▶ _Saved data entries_
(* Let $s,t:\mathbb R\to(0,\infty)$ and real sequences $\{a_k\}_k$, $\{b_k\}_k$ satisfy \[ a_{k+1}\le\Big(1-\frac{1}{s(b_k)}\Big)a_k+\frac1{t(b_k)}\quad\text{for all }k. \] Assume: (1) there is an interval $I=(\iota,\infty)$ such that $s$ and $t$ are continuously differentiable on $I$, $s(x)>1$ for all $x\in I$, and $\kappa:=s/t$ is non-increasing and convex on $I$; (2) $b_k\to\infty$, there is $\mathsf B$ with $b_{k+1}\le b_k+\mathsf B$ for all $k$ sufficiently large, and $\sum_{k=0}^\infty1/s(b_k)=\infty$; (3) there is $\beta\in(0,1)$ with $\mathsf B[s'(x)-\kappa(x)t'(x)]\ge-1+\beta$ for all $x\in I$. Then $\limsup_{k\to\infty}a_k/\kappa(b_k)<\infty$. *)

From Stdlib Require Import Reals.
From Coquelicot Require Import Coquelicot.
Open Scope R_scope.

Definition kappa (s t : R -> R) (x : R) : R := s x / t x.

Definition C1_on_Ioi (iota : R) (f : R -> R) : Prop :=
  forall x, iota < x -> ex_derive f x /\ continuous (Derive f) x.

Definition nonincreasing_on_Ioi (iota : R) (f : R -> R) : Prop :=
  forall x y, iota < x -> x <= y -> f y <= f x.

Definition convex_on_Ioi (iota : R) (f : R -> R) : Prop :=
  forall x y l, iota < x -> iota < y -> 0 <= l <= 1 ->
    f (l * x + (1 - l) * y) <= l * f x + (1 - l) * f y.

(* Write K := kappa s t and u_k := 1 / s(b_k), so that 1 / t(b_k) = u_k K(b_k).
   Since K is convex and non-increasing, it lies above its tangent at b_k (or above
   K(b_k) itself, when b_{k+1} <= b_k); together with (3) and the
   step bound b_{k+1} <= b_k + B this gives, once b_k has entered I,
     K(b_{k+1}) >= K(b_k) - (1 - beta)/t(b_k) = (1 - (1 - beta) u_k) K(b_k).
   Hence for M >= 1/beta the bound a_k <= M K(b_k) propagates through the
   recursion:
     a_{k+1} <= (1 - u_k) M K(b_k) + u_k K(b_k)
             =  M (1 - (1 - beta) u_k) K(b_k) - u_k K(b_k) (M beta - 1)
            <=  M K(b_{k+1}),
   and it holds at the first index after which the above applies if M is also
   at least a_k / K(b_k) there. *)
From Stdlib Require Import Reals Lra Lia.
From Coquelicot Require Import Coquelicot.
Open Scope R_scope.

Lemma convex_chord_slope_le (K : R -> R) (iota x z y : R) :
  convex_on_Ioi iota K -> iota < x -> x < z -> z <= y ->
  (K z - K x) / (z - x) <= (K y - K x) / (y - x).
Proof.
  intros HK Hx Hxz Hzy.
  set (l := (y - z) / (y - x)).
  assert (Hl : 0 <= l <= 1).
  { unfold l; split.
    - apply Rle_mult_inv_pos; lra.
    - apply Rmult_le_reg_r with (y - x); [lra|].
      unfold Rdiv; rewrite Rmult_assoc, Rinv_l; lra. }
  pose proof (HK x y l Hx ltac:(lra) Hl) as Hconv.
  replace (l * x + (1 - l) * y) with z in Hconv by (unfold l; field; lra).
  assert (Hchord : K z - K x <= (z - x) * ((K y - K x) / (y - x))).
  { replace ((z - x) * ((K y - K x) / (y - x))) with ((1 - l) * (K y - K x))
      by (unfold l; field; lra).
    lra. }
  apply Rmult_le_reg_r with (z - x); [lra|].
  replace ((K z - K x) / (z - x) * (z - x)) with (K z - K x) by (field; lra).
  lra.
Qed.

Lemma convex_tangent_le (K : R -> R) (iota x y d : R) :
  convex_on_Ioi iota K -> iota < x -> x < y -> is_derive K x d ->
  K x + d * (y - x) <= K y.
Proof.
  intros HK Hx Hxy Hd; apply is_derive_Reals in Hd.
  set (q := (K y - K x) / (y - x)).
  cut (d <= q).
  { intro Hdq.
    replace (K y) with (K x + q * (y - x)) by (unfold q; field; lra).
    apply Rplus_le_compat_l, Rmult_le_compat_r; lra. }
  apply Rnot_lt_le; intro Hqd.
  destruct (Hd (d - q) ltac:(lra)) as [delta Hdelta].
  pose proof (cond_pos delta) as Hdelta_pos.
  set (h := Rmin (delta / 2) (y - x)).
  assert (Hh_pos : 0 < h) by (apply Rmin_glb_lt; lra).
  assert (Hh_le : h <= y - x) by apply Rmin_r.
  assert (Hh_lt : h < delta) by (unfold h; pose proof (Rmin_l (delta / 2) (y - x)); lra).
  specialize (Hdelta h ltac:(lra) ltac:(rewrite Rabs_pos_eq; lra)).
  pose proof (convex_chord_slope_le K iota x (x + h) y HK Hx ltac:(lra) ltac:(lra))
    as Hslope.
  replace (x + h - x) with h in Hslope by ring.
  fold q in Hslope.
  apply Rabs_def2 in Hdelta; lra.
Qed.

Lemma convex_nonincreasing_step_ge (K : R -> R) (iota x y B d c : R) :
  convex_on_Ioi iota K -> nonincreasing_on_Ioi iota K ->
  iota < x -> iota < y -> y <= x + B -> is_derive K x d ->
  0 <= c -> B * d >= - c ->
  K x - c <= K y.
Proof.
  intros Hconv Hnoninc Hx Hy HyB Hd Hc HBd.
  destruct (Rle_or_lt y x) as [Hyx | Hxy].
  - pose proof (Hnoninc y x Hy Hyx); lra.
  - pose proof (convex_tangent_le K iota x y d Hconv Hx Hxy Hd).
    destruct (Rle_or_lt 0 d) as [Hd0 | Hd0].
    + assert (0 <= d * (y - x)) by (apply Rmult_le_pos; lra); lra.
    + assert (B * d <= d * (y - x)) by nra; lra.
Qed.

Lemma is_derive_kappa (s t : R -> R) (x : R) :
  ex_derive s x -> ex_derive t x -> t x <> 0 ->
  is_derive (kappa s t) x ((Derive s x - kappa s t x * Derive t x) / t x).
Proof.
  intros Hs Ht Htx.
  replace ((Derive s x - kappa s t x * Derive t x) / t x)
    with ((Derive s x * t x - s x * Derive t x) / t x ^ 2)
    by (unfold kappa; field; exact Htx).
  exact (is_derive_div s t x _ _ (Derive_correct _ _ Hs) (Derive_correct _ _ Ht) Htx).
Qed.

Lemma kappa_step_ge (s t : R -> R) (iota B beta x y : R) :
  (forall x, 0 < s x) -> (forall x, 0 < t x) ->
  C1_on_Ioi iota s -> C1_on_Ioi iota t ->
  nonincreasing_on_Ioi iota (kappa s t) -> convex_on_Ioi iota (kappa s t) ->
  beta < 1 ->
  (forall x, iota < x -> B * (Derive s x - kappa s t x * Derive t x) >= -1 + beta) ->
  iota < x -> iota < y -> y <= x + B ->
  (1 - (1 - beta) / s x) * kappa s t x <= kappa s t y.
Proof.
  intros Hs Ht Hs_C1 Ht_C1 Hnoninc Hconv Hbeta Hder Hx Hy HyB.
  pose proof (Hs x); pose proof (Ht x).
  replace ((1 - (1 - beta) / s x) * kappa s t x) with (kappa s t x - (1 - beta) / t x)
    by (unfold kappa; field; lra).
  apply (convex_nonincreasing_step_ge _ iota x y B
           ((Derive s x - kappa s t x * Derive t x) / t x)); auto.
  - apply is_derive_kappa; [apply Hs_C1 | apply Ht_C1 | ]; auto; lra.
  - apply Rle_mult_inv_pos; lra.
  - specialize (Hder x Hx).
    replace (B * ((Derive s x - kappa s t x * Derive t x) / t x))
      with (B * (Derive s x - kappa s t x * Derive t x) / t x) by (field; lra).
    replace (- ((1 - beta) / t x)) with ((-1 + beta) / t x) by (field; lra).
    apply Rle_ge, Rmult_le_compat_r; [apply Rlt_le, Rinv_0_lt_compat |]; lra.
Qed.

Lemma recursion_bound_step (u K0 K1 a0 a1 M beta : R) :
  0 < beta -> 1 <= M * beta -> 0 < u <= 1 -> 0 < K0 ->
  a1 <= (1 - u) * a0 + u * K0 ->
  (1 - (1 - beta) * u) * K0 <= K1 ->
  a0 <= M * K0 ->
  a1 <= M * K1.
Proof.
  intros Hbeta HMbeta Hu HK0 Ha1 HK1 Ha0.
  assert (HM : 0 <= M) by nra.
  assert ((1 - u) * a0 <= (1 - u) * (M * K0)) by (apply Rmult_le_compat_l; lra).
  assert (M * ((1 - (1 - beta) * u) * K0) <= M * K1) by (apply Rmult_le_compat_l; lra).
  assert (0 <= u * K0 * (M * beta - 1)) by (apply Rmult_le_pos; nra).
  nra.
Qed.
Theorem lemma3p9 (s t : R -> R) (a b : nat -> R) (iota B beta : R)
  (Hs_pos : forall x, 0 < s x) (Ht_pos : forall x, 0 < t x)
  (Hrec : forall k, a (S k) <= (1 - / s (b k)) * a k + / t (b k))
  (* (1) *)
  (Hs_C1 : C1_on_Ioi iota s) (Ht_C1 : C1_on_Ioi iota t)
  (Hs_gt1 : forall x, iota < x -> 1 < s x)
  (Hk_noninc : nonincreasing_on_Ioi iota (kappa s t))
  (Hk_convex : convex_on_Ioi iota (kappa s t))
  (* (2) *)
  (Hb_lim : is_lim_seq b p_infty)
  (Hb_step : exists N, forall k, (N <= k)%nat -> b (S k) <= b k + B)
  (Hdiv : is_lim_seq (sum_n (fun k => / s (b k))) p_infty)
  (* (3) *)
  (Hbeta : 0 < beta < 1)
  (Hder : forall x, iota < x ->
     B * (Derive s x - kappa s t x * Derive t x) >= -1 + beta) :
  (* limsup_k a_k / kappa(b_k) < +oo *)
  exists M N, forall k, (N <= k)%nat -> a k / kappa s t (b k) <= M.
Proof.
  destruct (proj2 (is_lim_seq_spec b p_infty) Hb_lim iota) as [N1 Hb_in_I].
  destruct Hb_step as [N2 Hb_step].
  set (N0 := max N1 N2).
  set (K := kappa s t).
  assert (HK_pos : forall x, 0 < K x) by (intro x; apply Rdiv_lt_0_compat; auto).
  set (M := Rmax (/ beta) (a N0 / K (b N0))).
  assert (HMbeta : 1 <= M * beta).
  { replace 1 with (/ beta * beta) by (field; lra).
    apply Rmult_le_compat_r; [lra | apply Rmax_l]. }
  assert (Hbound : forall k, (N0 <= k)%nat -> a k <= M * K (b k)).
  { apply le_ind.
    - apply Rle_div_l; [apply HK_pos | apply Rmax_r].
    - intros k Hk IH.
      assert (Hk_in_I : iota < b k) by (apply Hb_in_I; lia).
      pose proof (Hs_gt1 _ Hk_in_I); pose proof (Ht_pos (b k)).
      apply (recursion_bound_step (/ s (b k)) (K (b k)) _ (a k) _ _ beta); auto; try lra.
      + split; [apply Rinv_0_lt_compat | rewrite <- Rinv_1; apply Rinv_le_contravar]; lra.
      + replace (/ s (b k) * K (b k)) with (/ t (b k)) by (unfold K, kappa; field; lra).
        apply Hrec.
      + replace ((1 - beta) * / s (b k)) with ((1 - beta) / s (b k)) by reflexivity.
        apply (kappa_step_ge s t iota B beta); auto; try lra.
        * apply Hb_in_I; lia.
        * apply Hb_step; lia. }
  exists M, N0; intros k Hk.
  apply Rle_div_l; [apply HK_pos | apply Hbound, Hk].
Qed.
* * *
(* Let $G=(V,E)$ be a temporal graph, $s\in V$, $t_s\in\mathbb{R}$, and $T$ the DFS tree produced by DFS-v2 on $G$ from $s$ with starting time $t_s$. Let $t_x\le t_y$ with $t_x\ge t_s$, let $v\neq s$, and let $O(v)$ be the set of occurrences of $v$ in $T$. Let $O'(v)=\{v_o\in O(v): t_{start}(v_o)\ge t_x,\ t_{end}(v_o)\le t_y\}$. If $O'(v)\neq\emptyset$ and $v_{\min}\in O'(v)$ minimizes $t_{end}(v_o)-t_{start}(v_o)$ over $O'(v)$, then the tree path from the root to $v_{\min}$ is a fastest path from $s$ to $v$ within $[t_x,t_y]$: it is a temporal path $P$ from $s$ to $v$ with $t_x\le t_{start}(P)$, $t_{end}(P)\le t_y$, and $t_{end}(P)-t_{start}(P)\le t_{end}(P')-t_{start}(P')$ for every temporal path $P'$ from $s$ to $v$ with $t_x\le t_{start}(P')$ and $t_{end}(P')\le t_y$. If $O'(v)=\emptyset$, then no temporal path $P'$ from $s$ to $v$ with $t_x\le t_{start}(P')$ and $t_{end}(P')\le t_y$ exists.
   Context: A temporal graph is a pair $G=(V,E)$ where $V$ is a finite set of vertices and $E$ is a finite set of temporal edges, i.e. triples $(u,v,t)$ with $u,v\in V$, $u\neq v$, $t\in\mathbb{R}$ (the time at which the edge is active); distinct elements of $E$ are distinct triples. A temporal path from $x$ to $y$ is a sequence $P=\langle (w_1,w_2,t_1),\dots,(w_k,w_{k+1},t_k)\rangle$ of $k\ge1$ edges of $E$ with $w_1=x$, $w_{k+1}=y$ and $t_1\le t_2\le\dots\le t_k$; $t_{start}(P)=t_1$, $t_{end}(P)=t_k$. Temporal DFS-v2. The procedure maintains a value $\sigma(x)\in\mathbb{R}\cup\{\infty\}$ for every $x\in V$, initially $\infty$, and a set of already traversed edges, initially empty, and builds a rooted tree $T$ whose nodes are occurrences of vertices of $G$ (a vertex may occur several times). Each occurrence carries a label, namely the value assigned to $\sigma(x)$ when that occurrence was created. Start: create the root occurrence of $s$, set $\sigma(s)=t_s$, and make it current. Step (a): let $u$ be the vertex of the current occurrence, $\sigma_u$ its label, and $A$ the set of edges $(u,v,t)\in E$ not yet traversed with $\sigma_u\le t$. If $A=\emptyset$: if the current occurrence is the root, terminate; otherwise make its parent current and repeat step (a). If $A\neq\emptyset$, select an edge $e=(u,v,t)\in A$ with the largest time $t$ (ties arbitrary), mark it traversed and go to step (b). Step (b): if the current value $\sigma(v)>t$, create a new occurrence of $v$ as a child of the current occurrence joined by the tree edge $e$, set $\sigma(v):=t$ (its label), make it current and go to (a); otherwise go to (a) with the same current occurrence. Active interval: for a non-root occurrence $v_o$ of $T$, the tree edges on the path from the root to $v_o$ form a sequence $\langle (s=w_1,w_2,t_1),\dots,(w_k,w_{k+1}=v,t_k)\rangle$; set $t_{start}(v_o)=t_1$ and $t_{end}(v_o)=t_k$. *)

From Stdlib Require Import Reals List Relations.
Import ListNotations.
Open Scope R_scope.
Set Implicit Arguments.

▶ _WHAT THE EXERCISE ASKS_
Copy the stretch of the records above that runs from the line with "apply Rplus_le_compat_l, Rmult_le_compat_r;" through the line with "Lemma convex_nonincreasing_step_ge (K". Both end lines belong in the copy, and nothing else does.

▶ _RESULT FOR THIS TASK_
    apply Rplus_le_compat_l, Rmult_le_compat_r; lra. }
  apply Rnot_lt_le; intro Hqd.
  destruct (Hd (d - q) ltac:(lra)) as [delta Hdelta].
  pose proof (cond_pos delta) as Hdelta_pos.
  set (h := Rmin (delta / 2) (y - x)).
  assert (Hh_pos : 0 < h) by (apply Rmin_glb_lt; lra).
  assert (Hh_le : h <= y - x) by apply Rmin_r.
  assert (Hh_lt : h < delta) by (unfold h; pose proof (Rmin_l (delta / 2) (y - x)); lra).
  specialize (Hdelta h ltac:(lra) ltac:(rewrite Rabs_pos_eq; lra)).
  pose proof (convex_chord_slope_le K iota x (x + h) y HK Hx ltac:(lra) ltac:(lra))
    as Hslope.
  replace (x + h - x) with h in Hslope by ring.
  fold q in Hslope.
  apply Rabs_def2 in Hdelta; lra.
Qed.

Lemma convex_nonincreasing_step_ge (K : R -> R) (iota x y B d c : R) :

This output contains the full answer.